Whenever a line below mentions the word "hyperedges", that line should be copied.
======== ENTRIES PROVIDED
(* Consider Algorithm MWHVC (described in the context) run on a hypergraph $G=(V,E)$ of rank $f$ and maximum degree $\Delta$ with nonnegative vertex weights $w$, with parameters $\varepsilon\in(0,1]$, $\beta=\varepsilon/(f+\varepsilon)$ and multiplier $\alpha>1$. For every hyperedge $e$, the number of $e$-raise iterations is at most $\log_\alpha\Delta$.
   Context: Let $G=(V,E)$ be a hypergraph: each hyperedge is a nonempty subset of $V$ of size at most $f$ (rank $f$). Vertices have nonnegative weights $w(v)$. For $v\in V$, $E(v)=\{e\in E: v\in e\}$; $\Delta=\max_v |E(v)|\ge 3$. A hyperedge $e$ is covered by $C\subseteq V$ if $e\cap C\neq\emptyset$. The computation is distributed in synchronous rounds on the bipartite network with node set $V\cup E$ and a link between $v$ and $e$ iff $v\in e$. Parameters: $\varepsilon\in(0,1]$, $\beta=\varepsilon/(f+\varepsilon)$, and a multiplier $\alpha>1$. Algorithm MWHVC: Initialize $C\gets\emptyset$ and $E'(v)\gets E(v)$ for every $v$. Iteration $0$: every hyperedge $e$ sets $\mathrm{deal}_0(e)=\beta\cdot\min_{v\in e} w(v)/|E(v)|$ and $\delta_0(e)=\mathrm{deal}_0(e)$. For $i=1,2,\dots$: (a) every vertex $v\notin C$ (not terminated) checks whether $\sum_{e\in E(v)}\delta_{i-1}(e)\ge(1-\beta)w(v)$; if so, $v$ joins $C$, tells every $e\in E'(v)$ that $e$ is covered, and terminates. (b) Every uncovered hyperedge that receives such a message becomes covered, informs all its vertices, and terminates. (c) Every vertex $v\notin C$ that is told $e$ is covered sets $E'(v)\gets E'(v)\setminus\{e\}$; if $E'(v)=\emptyset$, $v$ terminates without joining $C$. (d) Every vertex $v\notin C$ sends ''raise'' to all $e\in E'(v)$ if $\sum_{e\in E'(v)}\mathrm{deal}_{i-1}(e)\le(\beta/\alpha)w(v)$, and otherwise sends ''stuck'' to all $e\in E'(v)$. (e) Every uncovered hyperedge $e$ sets $\mathrm{deal}_i(e)=\mathrm{deal}_{i-1}(e)$ if it received some ''stuck'' message, and $\mathrm{deal}_i(e)=\alpha\cdot\mathrm{deal}_{i-1}(e)$ otherwise, and $\delta_i(e)=\delta_{i-1}(e)+\mathrm{deal}_i(e)$. An iteration $i\ge 1$ is an $e$-raise iteration if $\mathrm{deal}_i(e)=\alpha\cdot\mathrm{deal}_{i-1}(e)$. *)

From HB Require Import structures.
From mathcomp Require Import all_boot all_order all_algebra.
From mathcomp Require Import reals exp.
Set Implicit Arguments. Unset Strict Implicit. Unset Printing Implicit Defensive.
Import Order.TTheory GRing.Theory Num.Theory.
Local Open Scope ring_scope.

(* Simulation of Algorithm MWHVC.
   V : vertices, E : (index type of) hyperedges, [edges e] : the vertex set of e. *)
Section MWHVC.
Variables (R : realType) (V E : finType) (edges : E -> {set V}) (w : V -> R).
Variables (f : nat) (eps alpha : R).

Definition beta : R := eps / (f%:R + eps).

Definition Eof (v : V) : {set E} := [set e | v \in edges e].

Definition maxdeg : nat := \max_(v : V) #|Eof v|.

Definition ratio (v : V) : R := w v / #|Eof v|%:R.

(* min_{v in e} w(v)/|E(v)| (the hyperedge is nonempty) *)
Definition minratio (e : E) : R :=
  match [pick v in edges e] with
  | Some v0 => \big[Num.min/ratio v0]_(v in edges e) ratio v
  | None => 0
  end.

Record state := State {
  inC : {set V};
  term : {set V};       (* terminated vertices (C included) *)
  covered : {set E};
  Ep : V -> {set E};
  deal : E -> R;
  delta : E -> R
}.

Definition init : state :=
  State set0 set0 set0 Eof (fun e => beta * minratio e) (fun e => beta * minratio e).

(* one iteration i >= 1, steps (a)-(e); covered hyperedges keep their
   (frozen) deal and delta values. *)
Definition step (s : state) : state :=
  let joins := [set v | (v \notin term s) &&
                 ((1 - beta) * w v <= \sum_(e in Eof v) delta s e)] in
  let newcov := [set e | (e \notin covered s) && [exists v in joins, e \in Ep s v]] in
  let cov' := covered s :|: newcov in
  let Ep' := fun v => if v \in term s :|: joins then Ep s v else Ep s v :\: newcov in
  let term' := term s :|: joins :|:
               [set v | (v \notin term s :|: joins) && (Ep' v == set0)] in
  let stuck := fun e => [exists v, [&& v \notin term', e \in Ep' v &
                   ~~ (\sum_(e' in Ep' v) deal s e' <= beta / alpha * w v)]] in
  let deal' := fun e => if (e \notin cov') && ~~ stuck e then alpha * deal s e
                        else deal s e in
  let delta' := fun e => if e \notin cov' then delta s e + deal' e else delta s e in
  State (inC s :|: joins) term' cov' Ep' deal' delta'.

Definition state_at (n : nat) : state := iter n step init.

(* iteration i >= 1 is an e-raise iteration: e is uncovered at step (e) of
   iteration i (so deal_i(e) is set by the algorithm) and
   deal_i(e) = alpha * deal_{i-1}(e). *)
Definition raise_iter (e : E) (i : nat) : bool :=
  [&& (0 < i)%N, e \notin covered (state_at i) &
      deal (state_at i) e == alpha * deal (state_at i.-1) e].

Definition num_raise (e : E) (n : nat) : nat := count (raise_iter e) (iota 1 n).

End MWHVC.

From Pilot Require Import Defs.
From HB Require Import structures.
From mathcomp Require Import all_boot all_order all_algebra.
From mathcomp Require Import reals exp.
Import Order.TTheory GRing.Theory Num.Theory.
Local Open Scope ring_scope.
Set Implicit Arguments. Unset Strict Implicit. Unset Printing Implicit Defensive.

(* Fix e and a vertex v* of e attaining deal_0(e) = beta w(v* ) / |E(v* )|.  As
   long as e is uncovered, v* is active and e is in E'(v* ); so in an e-raise
   iteration v* did not send "stuck", i.e. deal_{i-1}(e) <= (beta/alpha) w(v* ).
   Since deal_{i-1}(e) = alpha^k deal_0(e) after k earlier raises, this gives
   alpha^(k+1) <= |E(v* )| <= Delta, and taking logarithms bounds k. *)

Lemma natr_le_ln_div_ln (R : realType) (a d : R) (k : nat) :
  1 < a -> a ^+ k <= d -> k%:R <= ln d / ln a.
Proof.
move=> a_gt1 akd; have a_gt0 : 0 < a by apply: lt_trans a_gt1.
have d_gt0 : 0 < d by apply: lt_le_trans akd; rewrite exprn_gt0.
by rewrite ler_pdivlMr ?ln_gt0 // mulr_natl -lnXn // ler_ln ?posrE ?exprn_gt0.
Qed.

Lemma exprS_le_of_scaled_le (R : realFieldType) (a c N : R) k :
  0 < a -> 0 < c -> 0 < N -> a ^+ k * (c / N) <= c / a -> a ^+ k.+1 <= N.
Proof.
move=> a_gt0 c_gt0 N_gt0.
by rewrite mulrCA ler_pdivlMr // -mulrA ger_pMr // mulrAC ler_pdivrMr // mul1r -exprSr.
Qed.

Section RaiseBound.
Variables (R : realType) (V E : finType) (edges : E -> {set V}) (w : V -> R).
Variables (f : nat) (eps alpha : R).
Hypothesis edges_neq0 : forall e : E, (0 < #|edges e|)%N.
Hypothesis w_ge0 : forall v, 0 <= w v.
Hypothesis eps_gt0 : 0 < eps.
Hypothesis alpha_gt1 : 1 < alpha.

Local Notation next := (step edges w f eps alpha).
Local Notation run n := (state_at edges w f eps alpha n).
Local Notation raise := (raise_iter edges w f eps alpha).
Local Notation nraise := (num_raise edges w f eps alpha).

Let alpha_gt0 : 0 < alpha. Proof. exact: lt_trans alpha_gt1. Qed.

Lemma beta_gt0 : 0 < beta f eps.
Proof. by rewrite divr_gt0 // ltr_wpDl ?ler0n. Qed.

Lemma minratio_attained e :
  exists2 v, v \in edges e & Defs.minratio edges w e = Defs.ratio edges w v.
Proof.
rewrite /Defs.minratio; case: pickP => [v0 v0e | edges0]; last first.
  by have := edges_neq0 e; rewrite (eq_card0 edges0).
elim/big_ind: _ => [| x y [vx vxe ->] [vy vye ->] | v ve]; try by exists v0 + exists v.
by rewrite /Order.min; case: ifP; [exists vx | exists vy].
Qed.

Lemma card_Eof_gt0 e v : v \in edges e -> (0 < #|Eof edges v|)%N.
Proof. by move=> ve; apply/card_gt0P; exists e; rewrite inE. Qed.

Lemma uncovered_vertices_active e n v :
  e \notin covered (run n) -> v \in edges e ->
  (v \notin term (run n)) && (e \in Ep (run n) v).
Proof.
elim: n => [_ ve | n IH]; first by rewrite /= in_set0 inE.
rewrite [run n.+1]/= -/(state_at _ _ _ _ _ n) /step /=.
set newcov := [set e0 | _ & _]; set joins := [set v0 | _ & _].
rewrite in_setU negb_or => /andP[ecov enew] ve.
have /andP[vterm eEp] := IH ecov ve.
have vjoins : v \notin joins.
  apply: contra enew => vj; rewrite inE ecov; apply/existsP; exists v.
  by rewrite vj.
have vactive : v \notin term (run n) :|: joins by rewrite in_setU negb_or vterm.
rewrite (negbTE vactive) in_setD enew eEp in_setU negb_or vactive.
rewrite inE vactive (negbTE vactive) /= andbT.
by apply/set0Pn; exists e; rewrite in_setD enew.
Qed.

Lemma deal_ge0 n e : 0 <= deal (run n) e.
Proof.
elim: n e => [|n IH] e /=.
  have [v _ ->] := minratio_attained e.
  by rewrite mulr_ge0 ?(ltW beta_gt0) // divr_ge0 ?ler0n.
by case: ifP => _; rewrite ?mulr_ge0 ?IH ?(ltW alpha_gt0).
Qed.

Lemma delta_ge0 n e : 0 <= delta (run n) e.
Proof.
elim: n e => [|n IH] e; first exact: (deal_ge0 0).
have := deal_ge0 n.+1 e; rewrite /= /step /= => deal_ge0.
by case: ifP => _; rewrite ?addr_ge0.
Qed.

Lemma num_raiseS e n : nraise e n.+1 = (nraise e n + raise e n.+1)%N.
Proof. by rewrite /num_raise -{1}[n.+1]addn1 iotaD count_cat /= addn0 add1n. Qed.

Lemma deal_next_covered s e : e \in covered (next s) -> deal (next s) e = deal s e.
Proof. by rewrite /step /= => ->. Qed.

Lemma deal_next_cases s e :
  deal (next s) e = deal s e \/ deal (next s) e = alpha * deal s e.
Proof. by rewrite /step /=; case: ifP; [right | left]. Qed.

Lemma raise_iterS e n : raise e n.+1 =
  (e \notin covered (next (run n))) && (deal (next (run n)) e == alpha * deal (run n) e).
Proof. by []. Qed.

Lemma deal_run e n : deal (run n) e = alpha ^+ nraise e n * deal (run 0) e.
Proof.
elim: n => [|n IH]; first by rewrite mul1r.
rewrite num_raiseS raise_iterS.
case: (boolP (e \in covered (next (run n)))) => [ecov | _].
  by rewrite andFb addn0 -IH deal_next_covered.
case: eqP => [-> | not_raised]; first by rewrite addn1 exprS -mulrA -IH.
by rewrite addn0 -IH; case: (deal_next_cases (run n) e).
Qed.

(* An active vertex cannot have zero weight: it would have joined C in step (a). *)
Lemma active_weight_gt0 s v :
  (forall e, 0 <= delta s e) -> v \notin term (next s) -> 0 < w v.
Proof.
move=> delta_s_ge0; rewrite /step /= !in_setU !negb_or inE => /andP[/andP[vt vj] _].
rewrite vt /= -ltNge in vj; rewrite lt_neqAle w_ge0 andbT.
by apply: contraTneq vj => <-; rewrite mulr0 -leNgt sumr_ge0.
Qed.

Lemma raised_deal_le s e v :
  (forall e', 0 <= deal s e') -> 0 < deal s e ->
  e \notin covered (next s) -> v \notin term (next s) -> e \in Ep (next s) v ->
  deal (next s) e = alpha * deal s e ->
  deal s e <= beta f eps / alpha * w v.
Proof.
move=> deal_s_ge0 deal_e_gt0 ecov vterm eEp; rewrite /step /= in ecov vterm eEp *.
case: ifP => [/andP[_ /existsPn /(_ v) not_stuck] _ | _ fixed_eq]; last first.
  have : 0 < (alpha - 1) * deal s e by rewrite mulr_gt0 ?subr_gt0.
  by rewrite mulrBl mul1r -fixed_eq subrr ltxx.
have : ~~ ~~ (\sum_(e' in Ep (next s) v) deal s e' <= beta f eps / alpha * w v).
  by apply: contraNN not_stuck => not_le; apply/and3P.
rewrite negbK => /(le_trans _); apply.
by rewrite (bigD1 e) //= lerDl sumr_ge0.
Qed.

Lemma raise_expr_le_deg e vs n :
  vs \in edges e -> Defs.minratio edges w e = Defs.ratio edges w vs ->
  raise e n.+1 -> alpha ^+ (nraise e n).+1 <= #|Eof edges vs|%:R.
Proof.
move=> vse min_vs /and3P[_ ecov /eqP raised].
have /andP[vterm eEp] := uncovered_vertices_active ecov vse.
have w_gt0 := active_weight_gt0 (delta_ge0 n) vterm.
have deg_gt0 := card_Eof_gt0 vse.
have deal0 : deal (run 0) e = beta f eps * w vs / #|Eof edges vs|%:R.
  by rewrite /= min_vs mulrA.
have c_gt0 : 0 < beta f eps * w vs by rewrite mulr_gt0 ?beta_gt0.
have deal_gt0 : 0 < deal (run n) e.
  by rewrite deal_run deal0 mulr_gt0 ?exprn_gt0 ?divr_gt0 ?ltr0n.
apply: (@exprS_le_of_scaled_le _ _ (beta f eps * w vs)); rewrite ?ltr0n //.
rewrite -deal0 -deal_run mulrAC.
exact: raised_deal_le (@deal_ge0 n) deal_gt0 ecov vterm eEp raised.
Qed.

Lemma expr_num_raise_le_maxdeg e n : alpha ^+ nraise e n <= (maxdeg edges)%:R.
Proof.
have [vs vse min_vs] := minratio_attained e.
have deg_le : (#|Eof edges vs| <= maxdeg edges)%N by apply: leq_bigmax.
elim: n => [|n IH]; first by rewrite expr0 ler1n (leq_trans (card_Eof_gt0 vse)).
rewrite num_raiseS; case: (boolP (raise e n.+1)) => [raised | _]; last by rewrite addn0.
by rewrite addn1 (le_trans (raise_expr_le_deg vse min_vs raised)) // ler_nat.
Qed.

End RaiseBound.

Theorem mainTheorem4 (R : realType) (V E : finType) (edges : E -> {set V})
  (w : V -> R) (f : nat) (eps alpha : R) :
  injective edges ->
  (forall e : E, 0 < #|edges e| <= f)%N ->
  (forall v : V, 0 <= w v) ->
  (3 <= maxdeg edges)%N ->
  0 < eps -> eps <= 1 ->
  1 < alpha ->
  forall (e : E) (n : nat),
    (num_raise edges w f eps alpha e n)%:R
      <= ln ((maxdeg edges)%:R : R) / ln alpha.
Proof.
move=> _ edge_sizes w_ge0 _ eps_gt0 _ alpha_gt1 e n.
have edges_neq0 e' : (0 < #|edges e'|)%N by case/andP: (edge_sizes e').
exact/natr_le_ln_div_ln/expr_num_raise_le_maxdeg.
Qed.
================
PROBLEM SOLUTION =>
   V : vertices, E : (index type of) hyperedges, [edges e] : the vertex set of e. *)
(* one iteration i >= 1, steps (a)-(e); covered hyperedges keep their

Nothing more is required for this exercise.